Data extracts:
○ ○ ○
Lemma hdens_source_bounds th r m M : R0 < r -> m <= exp (2 * beta nu alpha th r) <= M ->
  - (2 / r + K ^ 2 * M / (2 * r ^ 3)) * hdens alpha U A th r
  <= hdens_source K alpha nu U A th r
  <= - (K ^ 2 * m / (2 * r ^ 3)) * hdens alpha U A th r.
Proof.
  intros Hr [Hm HM].
  assert (Hh := hdens_nonneg th r Hr).
  assert (Hsa : 0 < sqrt (alpha th r)) by (apply sqrt_lt_R0, alpha_pos, Hr).
  assert (He : 0 < exp (4 * U th r) / (4 * r ^ 2)) by positivity.
  assert (Hk : 0 <= K ^ 2 / (2 * r ^ 3)) by (apply Rdiv_le_0_compat; [nra | positivity]).
  assert (H2r : 0 < 2 / r) by positivity.
  unfold hdens_source.
  set (X := pR U th r ^ 2 / sqrt (alpha th r)
            + exp (4 * U th r) / (4 * r ^ 2) * sqrt (alpha th r) * pth A th r ^ 2).
  assert (HX : 0 <= X <= hdens alpha U A th r).
  { unfold X, hdens.
    assert (0 <= pR U th r ^ 2 / sqrt (alpha th r)) by (apply Rdiv_le_0_compat; nra).
    assert (0 <= pR A th r ^ 2 / sqrt (alpha th r)) by (apply Rdiv_le_0_compat; nra).
    assert (0 <= sqrt (alpha th r) * pth U th r ^ 2) by nra.
    assert (0 <= sqrt (alpha th r) * pth A th r ^ 2) by nra.
    split; nra. }
  replace (K ^ 2 * M / (2 * r ^ 3)) with (K ^ 2 / (2 * r ^ 3) * M) by (field; lra).
  replace (K ^ 2 * m / (2 * r ^ 3)) with (K ^ 2 / (2 * r ^ 3) * m) by (field; lra).
  replace (exp (2 * beta nu alpha th r) * K ^ 2 / (2 * r ^ 3))
    with (K ^ 2 / (2 * r ^ 3) * exp (2 * beta nu alpha th r)) by (field; lra).
  set (k := K ^ 2 / (2 * r ^ 3)) in *. set (h := hdens alpha U A th r) in *.
  assert (k * m * h <= k * exp (2 * beta nu alpha th r) * h <= k * M * h).
  { split; apply Rmult_le_compat_r, Rmult_le_compat_l; auto. }
  split; nra.
Qed.

Lemma exp_double_beta_bounds th r : R0 < r -> 0 <= th <= 1 ->
  exp (2 * (beta nu alpha 0 r - r * energy alpha U A r)) <= exp (2 * beta nu alpha th r)
  <= exp (2 * (beta nu alpha 0 r + r * energy alpha U A r)).
Proof.
  intros Hr Hth. pose proof (proj1 (Rabs_le_between' _ _ _) (beta_oscillation th r Hr Hth)).
  split; apply exp_le; lra.
Qed.

Lemma energy_derivative_upper r : R0 < r ->
  RInt (fun th => hdens_source K alpha nu U A th r) 0 1
  <= - (K ^ 2 * exp (2 * (beta nu alpha 0 r - r * energy alpha U A r)) / (2 * r ^ 3))
     * energy alpha U A r.
Proof.
  intros Hr. apply RInt_le_scal_r; [lra | | |].
  - now apply ex_RInt_hdens.
  - now apply ex_RInt_hdens_source.
  - intros th Hth.
    exact (proj2 (hdens_source_bounds th r _ _ Hr (exp_double_beta_bounds th r Hr ltac:(lra)))).
Qed.

Lemma energy_derivative_lower r : R0 < r ->
  - (2 / r + K ^ 2 * exp (2 * (beta nu alpha 0 r + r * energy alpha U A r)) / (2 * r ^ 3))
    * energy alpha U A r
  <= RInt (fun th => hdens_source K alpha nu U A th r) 0 1.
Proof.
  intros Hr. apply RInt_le_scal; [lra | | |].
  - now apply ex_RInt_hdens.
  - now apply ex_RInt_hdens_source.
  - intros th Hth.
    exact (proj1 (hdens_source_bounds th r _ _ Hr (exp_double_beta_bounds th r Hr ltac:(lra)))).
Qed.

Lemma energy_derivative_nonpos r : R0 < r ->
  RInt (fun th => hdens_source K alpha nu U A th r) 0 1 <= 0.
Proof.
  intros Hr. pose proof (energy_derivative_upper r Hr). pose proof (energy_nonneg r Hr).
  assert (0 <= K ^ 2 * exp (2 * (beta nu alpha 0 r - r * energy alpha U A r)) / (2 * r ^ 3)).
  { apply Rdiv_le_0_compat; [apply Rmult_le_pos; [nra | apply Rlt_le, exp_pos] | positivity]. }
  nra.
Qed.

Lemma energy_nonincreasing r1 r2 : R0 < r1 -> r1 <= r2 ->
  energy alpha U A r2 <= energy alpha U A r1.
Proof.
  intros Hr1 H12.
  enough (- energy alpha U A r1 <= - energy alpha U A r2) by lra.
  apply (is_derive_nonneg_le (fun s => - energy alpha U A s)
           (fun s => - RInt (fun th => hdens_source K alpha nu U A th s) 0 1)); [exact H12 | |].
  - intros x Hx. apply (is_derive_opp (energy alpha U A)), energy_is_derive. lra.
  - intros x Hx. pose proof (energy_derivative_nonpos x ltac:(lra)). lra.
Qed.

Lemma energy_zero_propagates r1 r : R0 < r1 -> R0 < r ->
  energy alpha U A r1 = 0 -> energy alpha U A r = 0.
Proof.
  intros Hr1 Hr HE1.
  pose proof (energy_nonneg r Hr) as HEr.
  destruct (Rle_or_lt r1 r) as [Hle | Hlt].
  { pose proof (energy_nonincreasing r1 r Hr1 Hle). lra. }
  destruct (continuity_ab_maj (fun s => beta nu alpha 0 s) r r1) as [Mx [HMx _]]; [lra | |].
  { intros c Hc. apply continuity_pt_filterlim, (continuity_2d_pt_snd (beta nu alpha)).
    apply continuity_2d_beta. lra. }
  (* C bounds the coefficient in [energy_derivative_lower] uniformly on [r, r1]. *)
  set (C := 2 / r
            + K ^ 2 * exp (2 * (beta nu alpha 0 Mx + r1 * energy alpha U A r)) / (2 * r ^ 3)).
  assert (Hgron : energy alpha U A r <= energy alpha U A r1 * exp (C * (r1 - r))).
  { apply (is_derive_gronwall _ (fun s => RInt (fun th => hdens_source K alpha nu U A th s) 0 1));
      [lra | intros x Hx; apply energy_is_derive; lra |].
    intros x Hx. assert (Hx0 : R0 < x) by lra.
    pose proof (energy_derivative_lower x Hx0).
    pose proof (energy_nonneg x Hx0).
    pose proof (energy_nonincreasing r x Hr (proj1 Hx)).
    assert (Hcoef : 2 / x + K ^ 2 * exp (2 * (beta nu alpha 0 x + x * energy alpha U A x))
                            / (2 * x ^ 3) <= C).
    { unfold C. apply Rplus_le_compat; apply Rdiv_le_compat_pos.
      - lra.
      - lra.
      - split; [apply Rmult_le_pos; [nra | apply Rlt_le, exp_pos]|].
        apply Rmult_le_compat_l; [nra|]. apply exp_le.
        assert (beta nu alpha 0 x <= beta nu alpha 0 Mx) by (apply HMx; lra).
        assert (x * energy alpha U A x <= r1 * energy alpha U A r) by (apply Rmult_le_compat; lra).
        lra.
      - split; [positivity|]. apply Rmult_le_compat_l; [lra|]. apply pow_incr. lra. }
    nra. }
  rewrite HE1, Rmult_0_l in Hgron. lra.
Qed.

Lemma energy_pos r0 r : R0 < r0 -> energy alpha U A r0 <> 0 -> R0 < r -> 0 < energy alpha U A r.
Proof.
  intros Hr0 HE Hr. destruct (energy_nonneg r Hr) as [| Hz]; [assumption|].
  exfalso. apply HE. apply (energy_zero_propagates r); auto.
Qed.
○ ○ ○
Brief: Copy each line of the listing that contains "ltac".

Answer space:
    exact (proj2 (hdens_source_bounds th r _ _ Hr (exp_double_beta_bounds th r Hr ltac:(lra)))).
    exact (proj1 (hdens_source_bounds th r _ _ Hr (exp_double_beta_bounds th r Hr ltac:(lra)))).
  - intros x Hx. pose proof (energy_derivative_nonpos x ltac:(lra)). lra.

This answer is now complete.